A schematic diagram of an example of this fuel cell is shown in FIG. In the figure, reference numeral 1 denotes a solid electrolyte plate having a cathode 2 on the upper surface and an anode 3 on the lower surface. 4 is a separator made of the lanthanum chromite ceramic of the present invention, and 5 is an external output terminal made of the lanthanum chromite ceramic of the present invention, which is formed with grooves constituting the air flow path 6 and the fuel flow path 7. Yes. The separator separates air and fuel, and also serves to electrically connect the cathode 2 and the anode 3 of the adjacent unit cells. The external output terminal is a member that forms an air flow path or a fuel flow path at both ends of the integrated unit cell and that is electrically connected to the anode or the cathode. Although FIG. 1 shows a fuel cell in which two unit cells are integrated, three or more unit cells can be integrated through a separator.
[0037]
The lanthanum chromite ceramic of the present invention can be produced by a conventional ceramic production method.

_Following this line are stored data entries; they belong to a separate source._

(* Let $a>b\geq c>d>0$ and let $p,q$ be real numbers with $p,q\notin\{0,-1\}$. Then $$\frac{L_{p}^{p}(a,b)}{L_{p}^{p}(c,d)}\geq \frac{L_{q}^{q}(a,b)}{L_{q}^{q}(c,d)}\left(1+\frac{p-q}{q+1}\,\ln\frac{I(a^{q+1},b^{q+1})}{I(c^{q+1},d^{q+1})}\right),$$ with equality if and only if $p=q$. In particular, $$\exp\left(1-\frac{L(c,d)}{L(a,b)}\right)<\frac{I(a,b)}{I(c,d)}<\exp\left(\frac{L(a,b)}{L(c,d)}-1\right),$$ and for all $a>b>0$, $$\exp\left(1-\frac{b}{L(a,b)}\right)<\frac{I(a,b)}{b}<\exp\left(\frac{L(a,b)}{b}-1\right).$$
   Context: For $u,v>0$: the logarithmic mean is $L(u,v)=\frac{u-v}{\ln u-\ln v}$ if $u\neq v$ and $L(u,u)=u$; the identric mean is $I(u,v)=\frac{1}{e}\left(\frac{u^u}{v^v}\right)^{1/(u-v)}$ if $u\neq v$ and $I(u,u)=u$; for $p\neq 0,-1$ the $p$-logarithmic mean is $L_p(u,v)=\left(\frac{u^{p+1}-v^{p+1}}{(p+1)(u-v)}\right)^{1/p}$ if $u\neq v$ and $L_p(u,u)=u$. $L_p^p$ denotes the $p$-th power of $L_p$. *)

From Stdlib Require Export Reals.
Open Scope R_scope.

Definition logmean (u v : R) : R :=
  if Req_EM_T u v then u else (u - v) / (ln u - ln v).

Definition identric (u v : R) : R :=
  if Req_EM_T u v then u
  else / exp 1 * Rpower (Rpower u u / Rpower v v) (/ (u - v)).

Definition plogmean (p u v : R) : R :=
  if Req_EM_T u v then u
  else Rpower ((Rpower u (p + 1) - Rpower v (p + 1)) / ((p + 1) * (u - v))) (/ p).

Definition plogmean_pow (p u v : R) : R := Rpower (plogmean p u v) p.

From Stdlib Require Import Reals Lra Psatz.
From Coquelicot Require Import Coquelicot.

(* With [l = ln u - ln v] and [x = p + 1], both [L_p^p(u,v)] and
   [ln I(u^x, v^x)] are expressed through [phi y = y e^y / (e^y - 1)] and
   [psi = (ln phi)'] evaluated at [x l].  After this substitution the main
   inequality is the tangent inequality for the concave function [ln phi] at
   [(q+1) (ln a - ln b)], multiplied by the tangent inequality for the convex
   function [phi] at [(q+1) (ln c - ln d)], followed by [1 + t <= e^t].
   The bounds on [I(a,b)/I(c,d)] come from the elementary estimates
   [1 + y psi y < phi y] and [phi y (1 - y psi y) < 1] for [y > 0]. *)

Lemma mvt_punctured (f df : R -> R) (s t : R) :
  (forall y, y <> 0 -> derivable_pt_lim f y (df y)) ->
  s < t -> 0 < s \/ t < 0 ->
  exists c, f t - f s = df c * (t - s) /\ s < c < t.
Proof.
  intros Hd Hst Hs. apply MVT_cor2; [exact Hst|].
  intros c Hc. apply Hd. destruct Hs; lra.
Qed.
Definition is_card (X : eqType) (P : X -> Prop) (n : nat) : Prop :=
  exists s : seq X, [/\ uniq s, (forall x, P x <-> x \in s) & size s = n].

(* Number of elements of a finite predicate (0 if P is infinite; this case
   never arises below). *)
Definition ncard (X : eqType) (P : X -> Prop) : nat :=
  match excluded_middle_informative (exists n, is_card P n) with
  | left H => proj1_sig (constructive_indefinite_description _ H)
  | right _ => 0%N
  end.

Definition is_partition (l : seq nat) : bool :=
  sorted geq l && all (fun x => 0 < x)%N l.

Definition binz (d : int) : int := ((d * (d - 1)) %/ 2)%Z.

Local Open Scope ring_scope.

Definition tuple_rep (t : nat) (C A : 'I_t -> nat) (s : nat) (N : int)
    (x : {ffun 'I_t -> seq nat} * {ffun 'I_t -> int}) : Prop :=
  [/\ forall i, is_partition (x.1 i),
      ~~ (2 %| \sum_(i < t) x.2 i)%Z &
      \sum_(i < t) ((C i)%:Z * (sumn (x.1 i))%:Z)
      + \sum_(i < t) ((C i)%:Z * binz (x.2 i))
      + \sum_(i < t) ((A i)%:Z * x.2 i) + s%:Z = N].

(* The multiset S: its elements are triples (i, b, n); b = true is the copy
   of the class n = A_i mod C_i, b = false the copy of the class
   n = -A_i mod C_i; n positive. *)
Definition inS (t : nat) (C A : 'I_t -> nat) (k : 'I_t * bool) (n : nat) : bool :=
  (0 < n)%N &&
  (if k.2 then n == A k.1 %[mod C k.1] else (C k.1 %| n + A k.1)%N).
(* Every star-like hereditary family is finitely generated; that is, if $\mathcal{F}$ is a star-like hereditary family then there is a finite set of graphs $\mathcal{H}$ with $\mathcal{F}=\operatorname{Forb}(\mathcal{H})$.
   Context: Graphs are finite and simple. A family is hereditary if closed under isomorphism and induced subgraphs. $\operatorname{Forb}(\mathcal{H})$ is the family of graphs with no induced subgraph isomorphic to a member of $\mathcal{H}$. A set $X\subseteq V(G)$ is a crown of $G$ if every $v\in V(G)$ is adjacent either to all vertices of $X\setminus\{v\}$ or to none of them; $S\subseteq V(G)$ is a core if $V(G)\setminus S$ is a crown; $G$ is an $s$-star if it has a core of size at most $s$. A hereditary family is $s$-star-like if there exists $n_0$ such that every graph in it with at least $n_0$ vertices is an $s$-star, and star-like if it is $s$-star-like for some integer $s\ge0$. *)

From mathcomp Require Import all_boot.
From Stdlib Require Lists.List.
Set Implicit Arguments. Unset Strict Implicit. Unset Printing Implicit Defensive.

Record graph := Graph {
  gn : nat;
  gadj : rel 'I_gn;
  gsym : symmetric gadj;
  girr : irreflexive gadj }.

Definition induced_in (H G : graph) : Prop :=
  exists f : 'I_(gn H) -> 'I_(gn G),
    injective f /\ forall i j, gadj i j = gadj (f i) (f j).

Definition isomorphic (G H : graph) : Prop :=
  exists f : 'I_(gn G) -> 'I_(gn H),
    bijective f /\ forall i j, gadj i j = gadj (f i) (f j).

Definition gfamily := graph -> Prop.

Definition hereditary (F : gfamily) : Prop :=
  (forall G H, isomorphic G H -> F G -> F H) /\
  (forall G H, induced_in H G -> F G -> F H).

Definition Forb (Hs : graph -> Prop) : gfamily :=
  fun G => forall H, Hs H -> ~ induced_in H G.

Definition crown (G : graph) (X : {set 'I_(gn G)}) : Prop :=
  forall v : 'I_(gn G),
    (forall x, x \in X -> x != v -> gadj v x) \/
    (forall x, x \in X -> x != v -> ~~ gadj v x).

Definition gcore (G : graph) (S : {set 'I_(gn G)}) : Prop := crown (~: S).

Definition s_star (s : nat) (G : graph) : Prop :=
  exists S : {set 'I_(gn G)}, gcore S /\ #|S| <= s.

Definition s_star_like (s : nat) (F : gfamily) : Prop :=
  exists n0, forall G, F G -> n0 <= gn G -> s_star s G.

Definition star_like (F : gfamily) : Prop := exists s, s_star_like s F.

Definition finitely_generated (F : gfamily) : Prop :=
  exists Hs : seq graph, forall G, F G <-> Forb (fun H => Stdlib.Lists.List.In H Hs) G.

From mathcomp Require Import all_boot zify.
From Stdlib Require Import ClassicalEpsilon.
Set Implicit Arguments. Unset Strict Implicit. Unset Printing Implicit Defensive.

(* A family closed under induced subgraphs is Forb of its minimal excluded
   graphs, so it suffices to bound their order.  Deleting a vertex z from a
   large minimal excluded graph M leaves a graph of F, hence an s-star; lifting
   its crown to M gives a set X, missing at most s + 1 vertices, to which every
   vertex other than z is all-or-none adjacent.  Doing this for two vertices and
   intersecting yields a core of M of size at most 2s + 2.  Listing a core first
   and the crown after it, adjacency between any two positions is read off the
   first |S| + 2 positions, so a graph with a small core has one of finitely many
   types, and of two graphs of the same type the smaller is an induced subgraph
   of the larger.  Hence two minimal excluded graphs of the same type have the
   same order. *)

Lemma induced_in_refl (G : graph) : induced_in G G.
Proof. by exists id; split=> //; apply: inj_id. Qed.

Lemma induced_in_trans (A B C : graph) :
  induced_in A B -> induced_in B C -> induced_in A C.
Proof.
move=> [f [f_inj f_adj]] [g [g_inj g_adj]].
exists (g \o f); split; first exact: inj_comp.
by move=> i j /=; rewrite f_adj g_adj.
Qed.

Definition minimal_excluded (F : gfamily) (M : graph) : Prop :=
  ~ F M /\ forall H, induced_in H M -> gn H < gn M -> F H.

Lemma exists_minimal_excluded (F : gfamily) (G : graph) :
  ~ F G -> exists2 M, minimal_excluded F M & induced_in M G.
Proof.
have [n] := ubnP (gn G); elim: n G => // n IH G /ltnSE leGn notFG.
have [[H [HG ltHG notFH]] | noH] :=
  classic (exists H, [/\ induced_in H G, gn H < gn G & ~ F H]).
  have [M minM MH] := IH H (leq_trans ltHG leGn) notFH.
  by exists M => //; apply: induced_in_trans MH HG.
exists G; last exact: induced_in_refl.
split=> // H HG ltHG; apply: NNPP => notFH; apply: noH; by exists H.
Qed.

Section InducedSubgraph.

Variables (G : graph) (A : {set 'I_(gn G)}).

Definition sub_adj : rel 'I_#|A| := fun i j => gadj (enum_val i) (enum_val j).

Lemma sub_adj_sym : symmetric sub_adj.
Proof. by move=> i j; apply: gsym. Qed.

Lemma sub_adj_irr : irreflexive sub_adj.
Proof. by move=> i; apply: girr. Qed.

Definition induced_subgraph : graph := Graph sub_adj_sym sub_adj_irr.

Lemma induced_subgraph_induced : induced_in induced_subgraph G.
Proof. by exists enum_val; split=> //; apply: enum_val_inj. Qed.
(* Let $Q$ be a quantity space over a field $K$. Then $Q/{\sim}$, with multiplication $[x][y]=[xy]$ and identity $[1_Q]$, is an abelian group.
   Context: A scalable monoid over a (unital, associative) ring $R$ is a monoid $X$ (identity $1_X$, product written $xy$) together with a map $R\times X\to X$, $(\alpha,x)\mapsto\alpha\cdot x$, such that $1\cdot x=x$, $\alpha\cdot(\beta\cdot x)=\alpha\beta\cdot x$ and $\alpha\cdot(xy)=(\alpha\cdot x)y=x(\alpha\cdot y)$ for all $\alpha,\beta\in R$, $x,y\in X$. A quantity space over a field $K$ is a commutative scalable monoid $Q$ over $K$ for which there exists a finite set $\{e_1,\ldots,e_n\}$ of invertible elements of $Q$ (a basis) such that every $x\in Q$ has a unique expansion $x=\mu\cdot\prod_{i=1}^n e_i^{k_i}$ with $\mu\in K$ and $k_1,\ldots,k_n\in\mathbb{Z}$. On $Q$, $x\sim y$ means $\alpha\cdot x=\beta\cdot y$ for some $\alpha,\beta\in K$; this is an equivalence relation compatible with multiplication, $[x]$ denotes the class of $x$, and $Q/{\sim}$ is the set of classes. *)

From HB Require Import structures.
From mathcomp Require Import all_boot all_order all_algebra.
From Stdlib Require Import ClassicalEpsilon.
Set Implicit Arguments. Unset Strict Implicit. Unset Printing Implicit Defensive.
Import GRing.Theory.
Local Open Scope ring_scope.

Record scalable_monoid (R : nzRingType) := ScalableMonoid {
  sm_car :> Type;
  sm_mul : sm_car -> sm_car -> sm_car;
  sm_one : sm_car;
  sm_scale : R -> sm_car -> sm_car;
  sm_mulA : forall x y z, sm_mul x (sm_mul y z) = sm_mul (sm_mul x y) z;
  sm_mul1x : forall x, sm_mul sm_one x = x;
  sm_mulx1 : forall x, sm_mul x sm_one = x;
  sm_scale1 : forall x, sm_scale 1 x = x;
  sm_scaleA : forall (a b : R) x, sm_scale a (sm_scale b x) = sm_scale (a * b) x;
  sm_scale_mull : forall (a : R) x y, sm_scale a (sm_mul x y) = sm_mul (sm_scale a x) y;
  sm_scale_mulr : forall (a : R) x y, sm_scale a (sm_mul x y) = sm_mul x (sm_scale a y)
}.

Section QS.
Variable K : fieldType.
Variable Q : scalable_monoid K.

Local Notation mul := (@sm_mul K Q).
Local Notation one := (@sm_one K Q).
Local Notation scale := (@sm_scale K Q).

Definition zpow (a ainv : Q) (z : int) : Q :=
  match z with
  | Posz m => iter m (mul a) one
  | Negz m => iter m.+1 (mul ainv) one
  end.

Definition prodpow n (e einv : 'I_n -> Q) (k : {ffun 'I_n -> int}) : Q :=
  foldr (fun i acc => mul (zpow (e i) (einv i) (k i)) acc) one (enum 'I_n).

Definition is_quantity_space : Prop :=
  (forall x y : Q, mul x y = mul y x) /\
  exists (n : nat) (e einv : 'I_n -> Q),
    (forall i, mul (e i) (einv i) = one /\ mul (einv i) (e i) = one) /\
    forall x : Q, exists! p : K * {ffun 'I_n -> int},
      x = scale p.1 (prodpow e einv p.2).

Definition qsim (x y : Q) : Prop := exists a b : K, scale a x = scale b y.

Definition qclass_of (x : Q) : Q -> Prop := fun y => qsim x y.

Definition qclass : Type := {A : Q -> Prop | exists x, A = qclass_of x}.

Definition qcls (x : Q) : qclass := exist _ (qclass_of x) (ex_intro _ x erefl).

Definition qrep (A : qclass) : Q :=
  proj1_sig (constructive_indefinite_description _ (proj2_sig A)).

Definition qmul (A B : qclass) : qclass := qcls (mul (qrep A) (qrep B)).

Definition qone : qclass := qcls one.

End QS.

(** Scaling by [0] is a monoid endomorphism of any scalable monoid, and
    [x ~ y] holds exactly when [0.x = 0.y]: from [a.x = b.y] scale both
    sides by [0].  So [~] is the kernel congruence of this endomorphism, and
    [Q/~] inherits associativity, the unit and (in a quantity space)
    commutativity from [Q].  Inverses come from the basis: every [x] is
    [mu . prod e_i ^ k_i], and the product of the [e_i ^ k_i] is invertible. *)

From mathcomp Require Import all_boot all_order all_algebra.
From Stdlib Require Import ClassicalEpsilon FunctionalExtensionality.
From Stdlib Require Import PropExtensionality ProofIrrelevance.
Set Implicit Arguments.
Unset Strict Implicit.
Import GRing.Theory.
Local Open Scope ring_scope.

Section ScalableMonoid.
Variables (R : nzRingType) (Q : scalable_monoid R).
Implicit Types x y : Q.

Local Notation mul := (@sm_mul R Q).
Local Notation one := (@sm_one R Q).
Local Notation scale := (@sm_scale R Q).

Lemma sm_scale0_scale (a : R) x : scale 0 (scale a x) = scale 0 x.
Proof. by rewrite sm_scaleA mul0r. Qed.

Lemma sm_scale0_mul x y : scale 0 (mul x y) = mul (scale 0 x) (scale 0 y).
Proof. by rewrite -sm_scale_mulr -sm_scale_mull sm_scale0_scale. Qed.

Definition linvertible x := exists w, mul w x = one.

Lemma linvertible_one : linvertible one.
Proof. by exists one; rewrite sm_mul1x. Qed.

Lemma linvertible_mul x y : linvertible x -> linvertible y -> linvertible (mul x y).
Proof.
move=> [w1 w1x] [w2 w2y]; exists (mul w2 w1).
by rewrite sm_mulA -(sm_mulA w2) w1x sm_mulx1.
Qed.

Lemma linvertible_iter m x : linvertible x -> linvertible (iter m (mul x) one).
Proof.
move=> Hx; elim: m => [|m IHm] /=; first exact: linvertible_one.
exact: linvertible_mul.
Qed.

End ScalableMonoid.

Section QuantityClasses.
Variables (K : fieldType) (Q : scalable_monoid K).
Implicit Types x y : Q.

Local Notation mul := (@sm_mul K Q).
Local Notation one := (@sm_one K Q).
Local Notation scale := (@sm_scale K Q).

Lemma linvertible_zpow (a ainv : Q) (z : int) :
  mul a ainv = one -> mul ainv a = one -> linvertible (zpow a ainv z).
Proof.
move=> aainv ainva; case: z => m; apply: linvertible_iter.
- by exists ainv.
- by exists a.
Qed.

Lemma linvertible_prodpow n (e einv : 'I_n -> Q) (k : {ffun 'I_n -> int}) :
  (forall i, mul (e i) (einv i) = one /\ mul (einv i) (e i) = one) ->
  linvertible (prodpow e einv k).
Proof.
move=> e_unit; rewrite /prodpow.
elim: (enum 'I_n) => [|i s IHs] /=; first exact: linvertible_one.
by apply: linvertible_mul => //; case: (e_unit i) => ? ?; apply: linvertible_zpow.
Qed.

Lemma qsimP x y : qsim x y <-> scale 0 x = scale 0 y.
Proof.
split=> [[a [b axby]] | x0y0]; last by exists 0, 0.
by rewrite -(sm_scale0_scale a x) axby sm_scale0_scale.
Qed.

Lemma qcls_eqP x y : qcls x = qcls y <-> scale 0 x = scale 0 y.
Proof.
split=> [/(congr1 (@proj1_sig _ _)) /= cls_xy | x0y0].
  have : qclass_of y y by apply/qsimP.
  by rewrite -cls_xy => /qsimP.
apply: eq_sig_hprop => [A p q | /=]; first exact: proof_irrelevance.
apply: functional_extensionality => z; apply: propositional_extensionality.
by rewrite /qclass_of !qsimP x0y0.
Qed.

Lemma qcls_rep (A : qclass Q) : qcls (qrep A) = A.
Proof.
apply: eq_sig_hprop => [B p q | /=]; first exact: proof_irrelevance.
by rewrite /qrep; case: constructive_indefinite_description.
Qed.

Lemma scale0_qrep x : scale 0 (qrep (qcls x)) = scale 0 x.
Proof. by apply/qcls_eqP; rewrite qcls_rep. Qed.

Lemma qmul_qcls x y : qmul (qcls x) (qcls y) = qcls (mul x y).
Proof. by apply/qcls_eqP; rewrite !sm_scale0_mul !scale0_qrep. Qed.

Lemma quantity_space_qcls_inv x :
  is_quantity_space Q -> exists w, qcls (mul w x) = qcls one.
Proof.
move=> [_ [n [e [einv [e_unit expand]]]]].
have [[mu k] [/= -> _]] := expand x.
have [w wP] := linvertible_prodpow k e_unit.
exists w; apply/qcls_eqP.
by rewrite -sm_scale_mulr wP sm_scale0_scale.
Qed.

End QuantityClasses.

Theorem proposition3p18 (K : fieldType) (Q : scalable_monoid K)
  (HQ : is_quantity_space Q) :
  (* the multiplication on Q/~ satisfies [x][y] = [xy] (well-definedness) *)
  (forall x y : Q, qmul (qcls x) (qcls y) = qcls (sm_mul x y)) /\
  (* and (Q/~, qmul, [1_Q]) is an abelian group *)
  (forall A B C : qclass Q, qmul A (qmul B C) = qmul (qmul A B) C) /\
  (forall A B : qclass Q, qmul A B = qmul B A) /\
  (forall A : qclass Q, qmul (qone Q) A = A) /\
  (forall A : qclass Q, exists B : qclass Q, qmul B A = qone Q).
Proof.
have [mulC _] := HQ.
split; first exact: qmul_qcls.
split; first by move=> A B C; rewrite -(qcls_rep A) -(qcls_rep B) -(qcls_rep C)
  !qmul_qcls sm_mulA.
split; first by move=> A B; rewrite -(qcls_rep A) -(qcls_rep B) !qmul_qcls mulC.
split; first by move=> A; rewrite -(qcls_rep A) qmul_qcls sm_mul1x.
move=> A; have [w wA] := quantity_space_qcls_inv (qrep A) HQ.
by exists (qcls w); rewrite -{1}(qcls_rep A) qmul_qcls.
Qed.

For example, first, a powder mixture in which a lanthanum source, a strontium source, a chromium source, and a substitution metal source of the group B are mixed at a predetermined ratio is temporarily set at a predetermined temperature, generally 1000 to 1600 ° C, preferably 1000 to 1200 ° C. Baking to obtain a calcined powder. The calcining time is usually 1 to several tens of hours, preferably 1 to 10 hours. Calcination is performed in an oxygen-containing atmosphere, usually air. The pressure during calcination may be atmospheric pressure.
[0038]
Next, the desired ceramics can be obtained by forming the calcined powder by pressure molding or the like and firing it. The firing temperature is usually 1300 ° C. or higher, preferably 1500 to 1700 ° C., and the firing time is usually 1 to 10 hours, preferably 1 to 5 hours, depending on the shape of the molded body, and firing is an oxygen-containing atmosphere. Usually done in air. As the pressure during firing, a dense sintered body can be obtained at normal pressure, but may be under pressure.
[0039]
【The invention's effect】
The lanthanum chromite ceramic of the present invention has a dense and good conductivity, low temperature dependence of thermal expansion coefficient, small dimensional change rate, excellent dimensional stability, etc. It is useful as a conductive material, and can be easily prepared with high density in the atmosphere.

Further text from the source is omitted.